◆ REQUIREMENT: Search the records below for the word "Lemma". Pull out each line that has it.

Stored items:

Lemma ex_RInt_decreasing_flat (f : R -> R) a b :
  a <= b -> decreasing f -> f b = f a -> ex_RInt f a b.
Proof.
  intros Hab f_decr Hfab.
  apply (ex_RInt_ext (fun _ => f a)); [|apply ex_RInt_const].
  intros x Hx. rewrite Rmin_left, Rmax_right in Hx by lra.
  assert (f x <= f a) by (apply f_decr; lra).
  assert (f b <= f x) by (apply f_decr; lra).
  lra.
Qed.

Lemma lattice_lt_le_pred (eps : R) (m n : Z) :
  0 < eps -> IZR m * eps < IZR n * eps -> IZR m * eps <= IZR n * eps - eps.
Proof.
  intros Heps Hlt.
  assert (Hmn : (m + 1 <= n)%Z).
  { cut (m < n)%Z; [lia|]. apply lt_IZR, (Rmult_lt_reg_r eps); lra. }
  apply IZR_le in Hmn. rewrite plus_IZR in Hmn. nra.
Qed.

(* Induction on the number [N] of levels [eps Z] that [f] crosses on [[a, b]]:
   [f] equals [f a] up to [c = sup {x | f x = f a}] and, beyond [c], coincides
   with [min f (f a - eps)], which crosses one level less. *)
Lemma ex_RInt_decreasing_lattice (eps : R) (N : nat) :
  0 < eps -> forall (f : R -> R) a b, a <= b -> decreasing f ->
  (forall x, exists z, f x = IZR z * eps) ->
  f a - f b <= INR N * eps -> ex_RInt f a b.
Proof.
  intros Heps. induction N as [|N IH]; intros f a b Hab Hf Hlat Hlevels.
  { apply ex_RInt_decreasing_flat; auto.
    assert (f b <= f a) by (apply Hf; lra). simpl in Hlevels. lra. }
  destruct (Req_dec (f b) (f a)) as [Hflat|Hdrop].
  { now apply ex_RInt_decreasing_flat. }
  assert (Hgap : forall x y, f y < f x -> f y <= f x - eps).
  { intros x y. destruct (Hlat x) as [zx ->], (Hlat y) as [zy ->].
    apply lattice_lt_le_pred; lra. }
  assert (Hfb : f b <= f a - eps).
  { apply Hgap. assert (f b <= f a) by (apply Hf; lra). lra. }
  set (E := fun x => a <= x <= b /\ f x = f a).
  destruct (completeness E) as [c [Hub Hlub]].
  { exists b. intros x [Hx _]. lra. }
  { exists a. split; [lra | reflexivity]. }
  assert (Hac : a <= c) by (apply Hub; split; [lra | reflexivity]).
  assert (Hcb : c <= b) by (apply Hlub; intros x [Hx _]; lra).
  apply ex_RInt_Chasles with c.
  - apply (ex_RInt_ext (fun _ => f a)); [|apply ex_RInt_const].
    intros x Hx. rewrite Rmin_left, Rmax_right in Hx by lra.
    assert (Hy : exists y, E y /\ x < y).
    { apply NNPP. intros Hno.
      assert (c <= x).
      { apply Hlub. intros y Hy. apply Rnot_lt_le. intros Hxy.
        apply Hno. now exists y. }
      lra. }
    destruct Hy as [y [[Hy Hfy] Hxy]].
    assert (f y <= f x) by (apply Hf; lra).
    assert (f x <= f a) by (apply Hf; lra).
    lra.
  - apply (ex_RInt_ext (fun x => Rmin (f x) (f a - eps))).
    + intros x Hx. rewrite Rmin_left, Rmax_right in Hx by lra.
      apply Rmin_left, Hgap.
      assert (f x <> f a).
      { intros Heq. assert (x <= c) by (apply Hub; split; [lra | exact Heq]). lra. }
      assert (f x <= f a) by (apply Hf; lra).
      lra.
    + apply IH; [lra | | |].
      * intros x y Hxy. assert (f y <= f x) by (apply Hf; lra).
        apply Rle_min_compat_r; lra.
      * intros x. unfold Rmin. destruct Rle_dec; [apply Hlat|].
        destruct (Hlat a) as [za ->]. exists (za - 1)%Z. rewrite minus_IZR. ring.
      * rewrite (Rmin_left (f b)) by lra. rewrite S_INR in Hlevels.
        pose proof (Rmin_r (f c) (f a - eps)). lra.
Qed.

◆ ANSWER TO THE PROBLEM:
Lemma ex_RInt_decreasing_flat (f : R -> R) a b :
Lemma lattice_lt_le_pred (eps : R) (m n : Z) :
Lemma ex_RInt_decreasing_lattice (eps : R) (N : nat) :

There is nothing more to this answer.